Lemma C1_on_clB_MVT_horizontal f fx fy y a b : C1_on_clB f fx fy ->
  in_clB (a, y) -> in_clB (b, y) -> (forall s, Rmin a b < s < Rmax a b -> in_B (s, y)) ->
  exists xi, Rmin a b <= xi <= Rmax a b /\ in_clB (xi, y) /\
             f (b, y) - f (a, y) = fx (xi, y) * (b - a).
Proof.
  intros [D C] Ia Ib Ho.
  apply (MVT_between (fun s => f (s, y)) (fun s => fx (s, y))
           (fun s => in_clB (s, y)) (fun s => in_B (s, y))); auto.
  - intros s hs. apply in_B_in_clB; auto.
  - intros s hs. apply (D (s, y) hs).
  - intros x hx e he. destruct (C _ hx) as [Cf _]. destruct (Cf e he) as [d [hd Hd]].
    exists d; split; auto. intros z hz hzd. apply Hd; auto.
    pose proof (dist2_le_Rabs (x, y) (z, y)) as H. simpl in H.
    rewrite Rminus_diag, Rabs_R0, Rabs_minus_sym in H. lra.
Qed.

Lemma C1_on_clB_MVT_vertical f fx fy x a b : C1_on_clB f fx fy ->
  in_clB (x, a) -> in_clB (x, b) -> (forall s, Rmin a b < s < Rmax a b -> in_B (x, s)) ->
  exists xi, Rmin a b <= xi <= Rmax a b /\ in_clB (x, xi) /\
             f (x, b) - f (x, a) = fy (x, xi) * (b - a).
Proof.
  intros [D C] Ia Ib Ho.
  apply (MVT_between (fun s => f (x, s)) (fun s => fy (x, s))
           (fun s => in_clB (x, s)) (fun s => in_B (x, s))); auto.
  - intros s hs. apply in_B_in_clB; auto.
  - intros s hs. apply (D (x, s) hs).
  - intros z hz e he. destruct (C _ hz) as [Cf _]. destruct (Cf e he) as [d [hd Hd]].
    exists d; split; auto. intros w hw hwd. apply Hd; auto.
    pose proof (dist2_le_Rabs (x, z) (x, w)) as H. simpl in H.
    rewrite Rminus_diag, Rabs_R0, Rabs_minus_sym in H. lra.
Qed.

Lemma Rabs_between_lt a b c x d : Rmin a b <= x <= Rmax a b ->
  Rabs (a - c) < d -> Rabs (b - c) < d -> Rabs (x - c) < d.
Proof.
  unfold Rmin, Rmax; intros. destruct Rle_dec; unfold Rabs in *; repeat destruct Rcase_abs; lra.
Qed.

(* Differentiability at [p] uniformly up to the boundary, along an L-shaped path
   (horizontal from [a] then vertical to [b]) whose interior lies in the open disk. *)
Lemma C1_on_clB_linear_approx f fx fy p e : C1_on_clB f fx fy -> in_clB p -> 0 < e ->
  exists d, 0 < d /\ forall a1 a2 b1 b2,
    in_clB (a1, a2) -> in_clB (b1, a2) -> in_clB (b1, b2) ->
    (forall s, Rmin a1 b1 < s < Rmax a1 b1 -> in_B (s, a2)) ->
    (forall s, Rmin a2 b2 < s < Rmax a2 b2 -> in_B (b1, s)) ->
    Rabs (a1 - fst p) < d -> Rabs (a2 - snd p) < d ->
    Rabs (b1 - fst p) < d -> Rabs (b2 - snd p) < d ->
    Rabs (f (b1, b2) - f (a1, a2) - (b1 - a1) * fx p - (b2 - a2) * fy p)
      <= e * (Rabs (b1 - a1) + Rabs (b2 - a2)).
Proof.
  intros R Cp he. pose proof R as [_ C].
  destruct (C p Cp) as [_ [Cx Cy]].
  destruct (Cx e he) as [d1 [hd1 H1]]. destruct (Cy e he) as [d2 [hd2 H2]].
  pose proof (Rmin_pos d1 d2 hd1 hd2). pose proof (Rmin_l d1 d2); pose proof (Rmin_r d1 d2).
  exists (Rmin d1 d2 / 2). split; [lra|].
  intros a1 a2 b1 b2 A C1 B L1 L2 ha1 ha2 hb1 hb2.
  destruct (C1_on_clB_MVT_horizontal f fx fy a2 a1 b1 R A C1 L1) as [xi [hxi [Cxi Exi]]].
  destruct (C1_on_clB_MVT_vertical f fx fy b1 a2 b2 R C1 B L2) as [ze [hze [Cze Eze]]].
  assert (k1 : Rabs (fx (xi, a2) - fx p) < e).
  { apply H1; auto. eapply Rle_lt_trans; [apply dist2_le_Rabs|]. simpl.
    pose proof (Rabs_between_lt a1 b1 (fst p) xi _ hxi ha1 hb1).
    rewrite (Rabs_minus_sym (fst p)), (Rabs_minus_sym (snd p)). lra. }
  assert (k2 : Rabs (fy (b1, ze) - fy p) < e).
  { apply H2; auto. eapply Rle_lt_trans; [apply dist2_le_Rabs|]. simpl.
    pose proof (Rabs_between_lt a2 b2 (snd p) ze _ hze ha2 hb2).
    rewrite (Rabs_minus_sym (fst p)), (Rabs_minus_sym (snd p)). lra. }
  replace (f (b1, b2) - f (a1, a2) - (b1 - a1) * fx p - (b2 - a2) * fy p) with
     ((b1 - a1) * (fx (xi, a2) - fx p) + (b2 - a2) * (fy (b1, ze) - fy p)).
  2:{ replace (f (b1, b2) - f (a1, a2))
        with ((f (b1, b2) - f (b1, a2)) + (f (b1, a2) - f (a1, a2))) by ring.
      rewrite Exi, Eze. ring. }
  eapply Rle_trans; [apply Rabs_triang|]. rewrite !Rabs_mult.
  pose proof (Rabs_pos (b1 - a1)). pose proof (Rabs_pos (b2 - a2)).
  assert (Rabs (b1 - a1) * Rabs (fx (xi, a2) - fx p) <= Rabs (b1 - a1) * e)
    by (apply Rmult_le_compat_l; lra).
  assert (Rabs (b2 - a2) * Rabs (fy (b1, ze) - fy p) <= Rabs (b2 - a2) * e)
    by (apply Rmult_le_compat_l; lra).
  lra.
Qed.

::::::::

_WHAT TO DO_: None of the records may be left out; each is to be restated exactly.

_ANSWER TO THE PROBLEM_:
Lemma C1_on_clB_MVT_horizontal f fx fy y a b : C1_on_clB f fx fy ->
  in_clB (a, y) -> in_clB (b, y) -> (forall s, Rmin a b < s < Rmax a b -> in_B (s, y)) ->
  exists xi, Rmin a b <= xi <= Rmax a b /\ in_clB (xi, y) /\
             f (b, y) - f (a, y) = fx (xi, y) * (b - a).
Proof.
  intros [D C] Ia Ib Ho.
  apply (MVT_between (fun s => f (s, y)) (fun s => fx (s, y))
           (fun s => in_clB (s, y)) (fun s => in_B (s, y))); auto.
  - intros s hs. apply in_B_in_clB; auto.
  - intros s hs. apply (D (s, y) hs).
  - intros x hx e he. destruct (C _ hx) as [Cf _]. destruct (Cf e he) as [d [hd Hd]].
    exists d; split; auto. intros z hz hzd. apply Hd; auto.
    pose proof (dist2_le_Rabs (x, y) (z, y)) as H. simpl in H.
    rewrite Rminus_diag, Rabs_R0, Rabs_minus_sym in H. lra.
Qed.

Lemma C1_on_clB_MVT_vertical f fx fy x a b : C1_on_clB f fx fy ->
  in_clB (x, a) -> in_clB (x, b) -> (forall s, Rmin a b < s < Rmax a b -> in_B (x, s)) ->
  exists xi, Rmin a b <= xi <= Rmax a b /\ in_clB (x, xi) /\
             f (x, b) - f (x, a) = fy (x, xi) * (b - a).
Proof.
  intros [D C] Ia Ib Ho.
  apply (MVT_between (fun s => f (x, s)) (fun s => fy (x, s))
           (fun s => in_clB (x, s)) (fun s => in_B (x, s))); auto.
  - intros s hs. apply in_B_in_clB; auto.
  - intros s hs. apply (D (x, s) hs).
  - intros z hz e he. destruct (C _ hz) as [Cf _]. destruct (Cf e he) as [d [hd Hd]].
    exists d; split; auto. intros w hw hwd. apply Hd; auto.
    pose proof (dist2_le_Rabs (x, z) (x, w)) as H. simpl in H.
    rewrite Rminus_diag, Rabs_R0, Rabs_minus_sym in H. lra.
Qed.

Lemma Rabs_between_lt a b c x d : Rmin a b <= x <= Rmax a b ->
  Rabs (a - c) < d -> Rabs (b - c) < d -> Rabs (x - c) < d.
Proof.
  unfold Rmin, Rmax; intros. destruct Rle_dec; unfold Rabs in *; repeat destruct Rcase_abs; lra.
Qed.

(* Differentiability at [p] uniformly up to the boundary, along an L-shaped path
   (horizontal from [a] then vertical to [b]) whose interior lies in the open disk. *)
Lemma C1_on_clB_linear_approx f fx fy p e : C1_on_clB f fx fy -> in_clB p -> 0 < e ->
  exists d, 0 < d /\ forall a1 a2 b1 b2,
    in_clB (a1, a2) -> in_clB (b1, a2) -> in_clB (b1, b2) ->
    (forall s, Rmin a1 b1 < s < Rmax a1 b1 -> in_B (s, a2)) ->
    (forall s, Rmin a2 b2 < s < Rmax a2 b2 -> in_B (b1, s)) ->
    Rabs (a1 - fst p) < d -> Rabs (a2 - snd p) < d ->
    Rabs (b1 - fst p) < d -> Rabs (b2 - snd p) < d ->
    Rabs (f (b1, b2) - f (a1, a2) - (b1 - a1) * fx p - (b2 - a2) * fy p)
      <= e * (Rabs (b1 - a1) + Rabs (b2 - a2)).
Proof.
  intros R Cp he. pose proof R as [_ C].
  destruct (C p Cp) as [_ [Cx Cy]].
  destruct (Cx e he) as [d1 [hd1 H1]]. destruct (Cy e he) as [d2 [hd2 H2]].
  pose proof (Rmin_pos d1 d2 hd1 hd2). pose proof (Rmin_l d1 d2); pose proof (Rmin_r d1 d2).
  exists (Rmin d1 d2 / 2). split; [lra|].
  intros a1 a2 b1 b2 A C1 B L1 L2 ha1 ha2 hb1 hb2.
  destruct (C1_on_clB_MVT_horizontal f fx fy a2 a1 b1 R A C1 L1) as [xi [hxi [Cxi Exi]]].
  destruct (C1_on_clB_MVT_vertical f fx fy b1 a2 b2 R C1 B L2) as [ze [hze [Cze Eze]]].
  assert (k1 : Rabs (fx (xi, a2) - fx p) < e).
  { apply H1; auto. eapply Rle_lt_trans; [apply dist2_le_Rabs|]. simpl.
    pose proof (Rabs_between_lt a1 b1 (fst p) xi _ hxi ha1 hb1).
    rewrite (Rabs_minus_sym (fst p)), (Rabs_minus_sym (snd p)). lra. }
  assert (k2 : Rabs (fy (b1, ze) - fy p) < e).
  { apply H2; auto. eapply Rle_lt_trans; [apply dist2_le_Rabs|]. simpl.
    pose proof (Rabs_between_lt a2 b2 (snd p) ze _ hze ha2 hb2).
    rewrite (Rabs_minus_sym (fst p)), (Rabs_minus_sym (snd p)). lra. }
  replace (f (b1, b2) - f (a1, a2) - (b1 - a1) * fx p - (b2 - a2) * fy p) with
     ((b1 - a1) * (fx (xi, a2) - fx p) + (b2 - a2) * (fy (b1, ze) - fy p)).
  2:{ replace (f (b1, b2) - f (a1, a2))
        with ((f (b1, b2) - f (b1, a2)) + (f (b1, a2) - f (a1, a2))) by ring.
      rewrite Exi, Eze. ring. }
  eapply Rle_trans; [apply Rabs_triang|]. rewrite !Rabs_mult.
  pose proof (Rabs_pos (b1 - a1)). pose proof (Rabs_pos (b2 - a2)).
  assert (Rabs (b1 - a1) * Rabs (fx (xi, a2) - fx p) <= Rabs (b1 - a1) * e)
    by (apply Rmult_le_compat_l; lra).
  assert (Rabs (b2 - a2) * Rabs (fy (b1, ze) - fy p) <= Rabs (b2 - a2) * e)
    by (apply Rmult_le_compat_l; lra).
  lra.
Qed.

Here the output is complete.